→ Required work: Which lines in the records below include the word "Lemma"? Report each of them in full.

*** Opening Records for this exercise ***

Lemma line_separated_level e F i :
  0 < e <= d ^+ 3 / 100 -> (forall j, (F j).2 `<=` box2) ->
  line_separated (F i).1 (F i).2 -> line_separated (level_A e F) (level_B e F i).
Proof.
move=> e_bnd F2_box [u [c [u_le [c_le sep_uc]]]].
have [_ eu_le e2c_le] := eps_bounds e_bnd u_le c_le.
have := level_sep_by e_bnd u_le c_le F2_box sep_uc.
set w := tilt _ _; set c' := 1 - _.
have [p1_le p2_le] := arc_pt_le1 R i.
have w2_ge : d / 2 <= w.2.
  have := mulr_le_norm eu_le p1_le; have := arc_pt2_ge i.
  by rewrite /w /=; move: d_gt0; lra.
have w2_gt0 : 0 < w.2 by apply: lt_le_trans w2_ge; rewrite divr_gt0.
have w1_le : `|w.1| <= 2.
  rewrite (le_trans (ler_normD _ _)) //; have := normrM_le eu_le p2_le.
  by move: p1_le d_le1; lra.
have c'_le : `|c'| <= 2.
  by rewrite (le_trans (ler_normB _ _)) // normr1; move: e2c_le d_le1; lra.
have div_le z : `|z| <= 2 -> `|z / w.2| <= 4 / d.
  move=> z_le; rewrite normrM normfV (gtr0_norm w2_gt0) ler_pdivrMr //.
  apply: le_trans z_le _; have -> : 2 = 4 / d * (d / 2) :> R by field; rewrite gt_eqF.
  by rewrite ler_wpM2l // divr_ge0 // ltW.
move=> /(sep_by_normalize w2_gt0) sep_w.
by exists (w.1 / w.2), (c' / w.2); split; [|split]; rewrite ?div_le.
Qed.

Lemma realizable_box2_separated (eps : nat -> R) :
  (forall k, 0 < eps k <= d ^+ 3 / 100) -> forall k A B, realizable m eps k A B ->
  [/\ A `<=` box2, B `<=` box2 & A `&` B = set0 -> line_separated A B].
Proof.
move=> eps_bnd; elim=> [|[|k] IH] A B //=.
  have K_ge1 : 1 <= 4 / d by rewrite ler_pdivlMr //; move: d_le1; lra.
  have box0 : [set ((0, 0) : R * R)] `<=` box2 by move=> _ /= ->; rewrite /box2 /= normr0.
  move=> [-> [->|->]]; split=> //; first by move/seteqP=> [/(_ (0, 0)) AB0 _]; case: AB0.
  move=> _; exists 0, 1; rewrite normr0 normr1 K_ge1 ltW ?divr_gt0 //; do 2!split=> //.
  by split=> [_ /= -> | //]; rewrite /dotp /= !mulr0 add0r ltr01.
move=> [F [i [F_real [-> ->]]]].
have F_box j : (F j).1 `<=` box2 /\ (F j).2 `<=` box2.
  by have [? ? _] := IH _ _ (F_real j).
have /andP[e_gt0 e_le] := eps_bnd k.+2.
have e_bnd : 0 < eps k.+2 <= 1 / 4.
  rewrite e_gt0 /=; apply: le_trans e_le _.
  by rewrite ler_pdivrMr // (le_trans (exprn_ile1 _ _ _)) ?(ltW d_gt0) //; lra.
split.
- by move=> _ [j [y [Fy ->]]]; apply: Tmap_box2 e_bnd ((F_box j).2 y Fy).
- by move=> _ [y [Fy ->]]; apply: Tmap_box2 e_bnd ((F_box i).1 y Fy).
- move=> /level_setI_eq0; have [_ _ Fi_sep] := IH _ _ (F_real i).
  by move/Fi_sep; apply: line_separated_level => // j; case: (F_box j).
Qed.
(* Let $S$ be a $\Gamma$-AG$^{**}$-groupoid. Then $S$ is intra-regular if and only if every left $\Gamma$-ideal $L$ of $S$ is $\Gamma$-idempotent, i.e. $L\Gamma L=L$.
   Context: Let $S$ and $\Gamma$ be nonempty sets with a map $S\times\Gamma\times S\to S$, $(x,\gamma,y)\mapsto x\gamma y$. $S$ is a $\Gamma$-AG-groupoid if $(x\gamma y)\delta z=(z\gamma y)\delta x$ for all $x,y,z\in S$, $\gamma,\delta\in\Gamma$; it is a $\Gamma$-AG$^{**}$-groupoid if moreover $a\alpha(b\beta c)=b\alpha(a\beta c)$ for all $a,b,c\in S$, $\alpha,\beta\in\Gamma$. For subsets $A,B\subseteq S$, $A\Gamma B=\{a\gamma b: a\in A,\gamma\in\Gamma,b\in B\}$. $S$ is intra-regular if for every $a\in S$ there exist $x,y\in S$ and $\beta,\gamma,\delta\in\Gamma$ with $a=(x\beta(a\delta a))\gamma y$. A nonempty subset $L$ is a left $\Gamma$-ideal if $S\Gamma L\subseteq L$. *)

Definition GammaAG {S G : Type} (op : S -> G -> S -> S) : Prop :=
  forall (x y z : S) (g d : G), op (op x g y) d z = op (op z g y) d x.

Definition GammaAGss {S G : Type} (op : S -> G -> S -> S) : Prop :=
  GammaAG op /\
  forall (a b c : S) (al be : G), op a al (op b be c) = op b al (op a be c).

Definition gprod {S G : Type} (op : S -> G -> S -> S) (A B : S -> Prop) : S -> Prop :=
  fun s => exists a g b, A a /\ B b /\ s = op a g b.

Definition subset {S : Type} (A B : S -> Prop) : Prop := forall x, A x -> B x.

Definition set_eq {S : Type} (A B : S -> Prop) : Prop := forall x, A x <-> B x.

Definition full {S : Type} : S -> Prop := fun _ => True.

Definition intra_regular {S G : Type} (op : S -> G -> S -> S) : Prop :=
  forall a : S, exists (x y : S) (be ga de : G),
    a = op (op x be (op a de a)) ga y.

Definition left_Gamma_ideal {S G : Type} (op : S -> G -> S -> S) (L : S -> Prop) : Prop :=
  (exists l, L l) /\ subset (gprod op full L) L.

From Stdlib Require Import Setoid.

(* If [a = (x β (a δ a)) γ y], the two Γ-AG** laws move [a] to the right end:
   [a = (y β (x δ a)) γ a], so [a] lies in [L Γ L] for any left ideal [L]
   containing it.  Conversely, if every left ideal is idempotent, so is [S],
   hence [S = S Γ S]; this makes [S Γ a] a left ideal, and idempotence of
   [{a} ∪ S Γ a] puts [a] into [S Γ a].  Then [a ∈ (S Γ a) Γ (S Γ a)], and
   the same two laws rearrange such a factorisation into the intra-regular
   shape. *)

Section GammaAGss.

Variables (S G : Type) (op : S -> G -> S -> S).
Hypothesis left_invertive : GammaAG op.
Hypothesis paramedial :
  forall (a b c : S) (al be : G), op a al (op b be c) = op b al (op a be c).

Lemma left_ideal_square_subset (L : S -> Prop) :
  left_Gamma_ideal op L -> subset (gprod op L L) L.
Proof.
intros [_ HL] x [p [g [q [Hp [Hq ->]]]]].
apply HL; exists p, g, q; repeat split; auto.
Qed.

Lemma intra_regular_right_factor (a x y : S) (be ga de : G) :
  a = op (op x be (op a de a)) ga y ->
  a = op (op y be (op x de a)) ga a.
Proof.
intros E; rewrite E at 1; rewrite paramedial, left_invertive; reflexivity.
Qed.

Lemma intra_regular_left_ideal_idempotent (L : S -> Prop) :
  intra_regular op -> left_Gamma_ideal op L -> set_eq (gprod op L L) L.
Proof.
intros IR HL x; split; [apply left_ideal_square_subset; exact HL|].
intros Hx; destruct HL as [_ HL].
destruct (IR x) as [u [y [be [ga [de E]]]]].
exists (op y be (op u de x)), ga, x; repeat split.
- apply HL; exists y, be, (op u de x); repeat split; auto.
  apply HL; exists u, de, x; repeat split; auto.
- exact Hx.
- apply intra_regular_right_factor; exact E.
Qed.

Definition left_multiples (a : S) : S -> Prop := fun x => exists u g, x = op u g a.

Lemma left_multiples_square_intra_regular (a : S) :
  gprod op (left_multiples a) (left_multiples a) a ->
  exists (x y : S) (be ga de : G), a = op (op x be (op a de a)) ga y.
Proof.
intros [p [g [q [[s [d ->]] [[t [e ->]] E]]]]].
assert (Ea : a = op (op a d a) g (op t e s)).
{ rewrite E at 1; rewrite paramedial, left_invertive, paramedial; reflexivity. }
exists (op a g (op t e s)), (op t e s), d, g, d.
assert (Eaa : op a d a = op (op a g (op t e s)) d (op a d a)).
{ rewrite left_invertive, <- Ea; reflexivity. }
rewrite <- Eaa; exact Ea.
Qed.

Section IdempotentLeftIdeals.

Hypothesis idempotent :
  forall L : S -> Prop, left_Gamma_ideal op L -> set_eq (gprod op L L) L.
Variables (s0 : S) (g0 : G).

Lemma op_surjective (t : S) : exists m e n, t = op m e n.
Proof.
assert (Hfull : left_Gamma_ideal op (@full S)).
{ split; [exists s0; exact I | intros x _; exact I]. }
destruct (proj2 (idempotent _ Hfull t) I) as [m [e [n [_ [_ E]]]]]; eauto.
Qed.

(* [S Γ (S Γ a) ⊆ S Γ a] needs [S = S Γ S]: write [t = m ε n] and reassociate. *)
Lemma left_multiples_closed (a s t : S) (g d : G) :
  left_multiples a (op s g (op t d a)).
Proof.
destruct (op_surjective t) as [m [e [n ->]]].
exists (op (op s d m) e n), g.
rewrite (left_invertive m n a e d), paramedial, left_invertive; reflexivity.
Qed.

Lemma left_multiples_left_ideal (a : S) : left_Gamma_ideal op (left_multiples a).
Proof.
split; [exists (op s0 g0 a), s0, g0; reflexivity|].
intros x [s [g [l [_ [[u [d ->]] ->]]]]]; apply left_multiples_closed.
Qed.

Lemma left_multiples_self (a : S) : left_multiples a a.
Proof.
set (L := fun x => x = a \/ left_multiples a x).
assert (HL : left_Gamma_ideal op L).
{ split; [exists a; left; reflexivity|].
  intros x [s [g [l [_ [[->|[u [d ->]]] ->]]]]].
  - right; exists s, g; reflexivity.
  - right; apply left_multiples_closed. }
destruct (proj2 (idempotent _ HL a) (or_introl eq_refl))
  as [p [g [q [_ [[->|[u [d ->]]] E]]]]].
- exists p, g; exact E.
- rewrite E at 2; apply left_multiples_closed.
Qed.

Lemma idempotent_left_ideals_intra_regular : intra_regular op.
Proof.
intros a; apply left_multiples_square_intra_regular.
apply (idempotent _ (left_multiples_left_ideal a)), left_multiples_self.
Qed.

End IdempotentLeftIdeals.

End GammaAGss.

Theorem mainTheorem12 (S G : Type) (s0 : S) (g0 : G) (op : S -> G -> S -> S)
  (HS : GammaAGss op) :
  intra_regular op <->
  (forall L : S -> Prop, left_Gamma_ideal op L -> set_eq (gprod op L L) L).
Proof.
destruct HS as [left_invertive paramedial]; split.
- intros IR L; apply intra_regular_left_ideal_idempotent; assumption.
- intros idempotent.
  exact (idempotent_left_ideals_intra_regular _ _ _ left_invertive paramedial idempotent s0 g0).
Qed.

*** Closing Records for this exercise ***

→ Response to this exercise:
Lemma line_separated_level e F i :
Lemma realizable_box2_separated (eps : nat -> R) :
Lemma left_ideal_square_subset (L : S -> Prop) :
Lemma intra_regular_right_factor (a x y : S) (be ga de : G) :
Lemma intra_regular_left_ideal_idempotent (L : S -> Prop) :
Lemma left_multiples_square_intra_regular (a : S) :
Lemma op_surjective (t : S) : exists m e n, t = op m e n.
Lemma left_multiples_closed (a s t : S) (g d : G) :
Lemma left_multiples_left_ideal (a : S) : left_Gamma_ideal op (left_multiples a).
Lemma left_multiples_self (a : S) : left_multiples a a.
Lemma idempotent_left_ideals_intra_regular : intra_regular op.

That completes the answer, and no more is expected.